WHAT IS REQUIRED: When the string "match" appears in a line of the records, show the whole line.
++++++++
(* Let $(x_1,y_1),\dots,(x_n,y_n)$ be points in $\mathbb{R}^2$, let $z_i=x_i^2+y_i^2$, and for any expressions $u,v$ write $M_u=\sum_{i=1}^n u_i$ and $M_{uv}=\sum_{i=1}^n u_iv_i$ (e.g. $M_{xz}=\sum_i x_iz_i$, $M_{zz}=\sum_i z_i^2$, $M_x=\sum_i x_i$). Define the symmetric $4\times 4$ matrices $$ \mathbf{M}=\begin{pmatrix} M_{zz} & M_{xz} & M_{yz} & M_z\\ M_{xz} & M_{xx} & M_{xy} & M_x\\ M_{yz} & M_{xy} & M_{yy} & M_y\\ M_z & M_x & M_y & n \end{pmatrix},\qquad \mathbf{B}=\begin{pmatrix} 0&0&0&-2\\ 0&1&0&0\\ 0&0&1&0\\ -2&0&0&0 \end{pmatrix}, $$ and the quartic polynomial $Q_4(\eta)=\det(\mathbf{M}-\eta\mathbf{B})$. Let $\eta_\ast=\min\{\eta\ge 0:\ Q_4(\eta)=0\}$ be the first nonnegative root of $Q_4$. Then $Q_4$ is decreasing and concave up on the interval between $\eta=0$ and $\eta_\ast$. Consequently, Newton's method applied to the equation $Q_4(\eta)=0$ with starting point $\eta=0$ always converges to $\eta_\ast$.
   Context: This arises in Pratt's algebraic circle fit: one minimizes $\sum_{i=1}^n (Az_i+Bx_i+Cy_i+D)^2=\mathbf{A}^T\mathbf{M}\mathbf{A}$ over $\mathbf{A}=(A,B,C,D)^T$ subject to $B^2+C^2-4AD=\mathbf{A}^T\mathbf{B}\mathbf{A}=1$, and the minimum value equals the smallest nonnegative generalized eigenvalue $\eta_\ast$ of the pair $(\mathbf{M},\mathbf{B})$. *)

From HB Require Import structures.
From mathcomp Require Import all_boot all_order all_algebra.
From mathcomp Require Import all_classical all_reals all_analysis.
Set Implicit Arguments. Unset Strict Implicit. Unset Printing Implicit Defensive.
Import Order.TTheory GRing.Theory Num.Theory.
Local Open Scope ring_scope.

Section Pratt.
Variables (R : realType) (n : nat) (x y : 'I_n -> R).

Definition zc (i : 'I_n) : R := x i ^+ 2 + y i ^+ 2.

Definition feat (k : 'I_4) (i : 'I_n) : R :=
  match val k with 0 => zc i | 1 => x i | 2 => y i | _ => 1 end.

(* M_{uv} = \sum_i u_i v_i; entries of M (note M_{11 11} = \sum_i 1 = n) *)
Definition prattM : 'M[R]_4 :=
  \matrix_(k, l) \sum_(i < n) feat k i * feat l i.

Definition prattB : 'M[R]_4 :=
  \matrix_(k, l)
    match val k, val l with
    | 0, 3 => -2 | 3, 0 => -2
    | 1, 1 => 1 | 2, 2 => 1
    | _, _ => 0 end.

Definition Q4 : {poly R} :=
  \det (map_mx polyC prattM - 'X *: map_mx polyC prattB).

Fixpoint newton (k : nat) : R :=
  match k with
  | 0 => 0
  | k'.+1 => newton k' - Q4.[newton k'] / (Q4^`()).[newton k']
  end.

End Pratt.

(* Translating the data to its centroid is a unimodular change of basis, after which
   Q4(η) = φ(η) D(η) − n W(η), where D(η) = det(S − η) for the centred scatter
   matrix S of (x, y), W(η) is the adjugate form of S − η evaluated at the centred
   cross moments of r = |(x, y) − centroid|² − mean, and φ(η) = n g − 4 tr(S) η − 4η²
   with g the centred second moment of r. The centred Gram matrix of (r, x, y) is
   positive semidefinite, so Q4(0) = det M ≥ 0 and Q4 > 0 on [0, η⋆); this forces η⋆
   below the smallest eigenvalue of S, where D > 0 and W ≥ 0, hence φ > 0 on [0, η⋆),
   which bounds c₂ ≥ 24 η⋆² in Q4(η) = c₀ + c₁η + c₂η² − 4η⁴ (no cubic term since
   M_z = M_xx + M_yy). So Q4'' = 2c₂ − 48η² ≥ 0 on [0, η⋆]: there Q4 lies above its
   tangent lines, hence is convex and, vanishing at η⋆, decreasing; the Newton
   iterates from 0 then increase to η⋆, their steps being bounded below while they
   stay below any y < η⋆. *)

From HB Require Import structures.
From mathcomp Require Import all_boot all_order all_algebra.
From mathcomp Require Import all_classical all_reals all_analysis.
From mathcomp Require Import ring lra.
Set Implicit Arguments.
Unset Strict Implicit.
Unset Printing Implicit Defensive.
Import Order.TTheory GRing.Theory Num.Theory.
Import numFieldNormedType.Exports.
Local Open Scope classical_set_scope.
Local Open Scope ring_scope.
++++++++
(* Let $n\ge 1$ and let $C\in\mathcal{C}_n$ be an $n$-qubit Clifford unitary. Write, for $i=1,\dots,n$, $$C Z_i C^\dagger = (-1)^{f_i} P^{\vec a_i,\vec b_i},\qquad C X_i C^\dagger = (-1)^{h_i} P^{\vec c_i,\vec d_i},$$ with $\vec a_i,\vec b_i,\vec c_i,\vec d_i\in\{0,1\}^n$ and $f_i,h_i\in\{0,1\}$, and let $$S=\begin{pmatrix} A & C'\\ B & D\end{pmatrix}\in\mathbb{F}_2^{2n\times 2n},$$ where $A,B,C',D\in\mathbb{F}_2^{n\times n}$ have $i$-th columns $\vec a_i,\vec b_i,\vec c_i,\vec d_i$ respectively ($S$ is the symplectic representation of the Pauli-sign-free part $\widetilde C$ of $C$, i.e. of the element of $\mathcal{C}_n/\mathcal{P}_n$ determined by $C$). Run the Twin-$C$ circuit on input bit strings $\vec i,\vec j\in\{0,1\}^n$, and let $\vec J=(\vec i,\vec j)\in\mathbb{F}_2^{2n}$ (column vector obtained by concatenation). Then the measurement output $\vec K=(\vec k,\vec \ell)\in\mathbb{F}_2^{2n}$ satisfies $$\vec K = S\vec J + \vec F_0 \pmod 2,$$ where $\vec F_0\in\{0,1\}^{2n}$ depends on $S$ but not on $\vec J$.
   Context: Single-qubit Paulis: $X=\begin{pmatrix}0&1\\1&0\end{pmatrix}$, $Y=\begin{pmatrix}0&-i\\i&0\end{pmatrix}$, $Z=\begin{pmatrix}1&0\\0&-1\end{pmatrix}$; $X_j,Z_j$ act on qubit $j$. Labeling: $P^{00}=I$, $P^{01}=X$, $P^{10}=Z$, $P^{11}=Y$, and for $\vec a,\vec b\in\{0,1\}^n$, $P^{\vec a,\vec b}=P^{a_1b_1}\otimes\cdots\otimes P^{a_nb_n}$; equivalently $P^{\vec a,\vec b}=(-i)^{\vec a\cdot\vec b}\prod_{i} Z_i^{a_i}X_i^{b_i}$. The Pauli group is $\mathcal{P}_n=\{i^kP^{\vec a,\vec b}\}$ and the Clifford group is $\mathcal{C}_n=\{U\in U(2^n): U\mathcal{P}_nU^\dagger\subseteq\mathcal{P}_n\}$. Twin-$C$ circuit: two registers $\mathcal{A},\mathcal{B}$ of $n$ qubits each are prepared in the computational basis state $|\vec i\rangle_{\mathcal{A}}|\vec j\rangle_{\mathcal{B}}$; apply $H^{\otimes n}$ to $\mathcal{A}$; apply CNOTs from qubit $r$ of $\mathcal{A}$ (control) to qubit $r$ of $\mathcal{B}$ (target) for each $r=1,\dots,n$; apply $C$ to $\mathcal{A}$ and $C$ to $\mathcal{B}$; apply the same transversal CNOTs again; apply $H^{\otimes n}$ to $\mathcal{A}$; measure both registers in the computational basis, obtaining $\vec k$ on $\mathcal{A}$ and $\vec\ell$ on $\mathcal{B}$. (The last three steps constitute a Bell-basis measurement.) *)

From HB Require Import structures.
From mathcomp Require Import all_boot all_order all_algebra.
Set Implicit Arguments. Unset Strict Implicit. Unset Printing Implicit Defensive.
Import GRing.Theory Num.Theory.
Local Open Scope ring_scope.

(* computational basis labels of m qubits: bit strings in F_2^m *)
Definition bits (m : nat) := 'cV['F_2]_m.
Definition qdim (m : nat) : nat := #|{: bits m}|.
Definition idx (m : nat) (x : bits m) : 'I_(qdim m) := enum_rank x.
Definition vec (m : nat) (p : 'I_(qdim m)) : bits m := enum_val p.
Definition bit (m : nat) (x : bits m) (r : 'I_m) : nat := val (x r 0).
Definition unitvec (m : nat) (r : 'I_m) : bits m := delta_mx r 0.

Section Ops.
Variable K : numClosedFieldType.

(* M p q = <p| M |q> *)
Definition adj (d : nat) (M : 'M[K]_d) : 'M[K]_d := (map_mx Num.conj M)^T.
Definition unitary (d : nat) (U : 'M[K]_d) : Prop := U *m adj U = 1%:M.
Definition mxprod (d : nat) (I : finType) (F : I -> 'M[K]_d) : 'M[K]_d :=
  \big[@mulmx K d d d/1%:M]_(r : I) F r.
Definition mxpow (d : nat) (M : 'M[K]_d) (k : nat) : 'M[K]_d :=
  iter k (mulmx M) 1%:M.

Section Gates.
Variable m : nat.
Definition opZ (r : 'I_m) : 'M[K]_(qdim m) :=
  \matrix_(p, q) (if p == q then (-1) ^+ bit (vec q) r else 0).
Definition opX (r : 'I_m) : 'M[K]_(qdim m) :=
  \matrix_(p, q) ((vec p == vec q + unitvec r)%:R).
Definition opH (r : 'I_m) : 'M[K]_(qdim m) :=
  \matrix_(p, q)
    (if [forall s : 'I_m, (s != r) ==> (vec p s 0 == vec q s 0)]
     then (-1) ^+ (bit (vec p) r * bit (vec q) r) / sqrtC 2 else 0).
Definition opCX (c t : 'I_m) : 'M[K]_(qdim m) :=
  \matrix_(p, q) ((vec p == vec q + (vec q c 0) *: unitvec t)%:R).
++++++++
REPLY:
  match val k with 0 => zc i | 1 => x i | 2 => y i | _ => 1 end.
    match val k, val l with
  match k with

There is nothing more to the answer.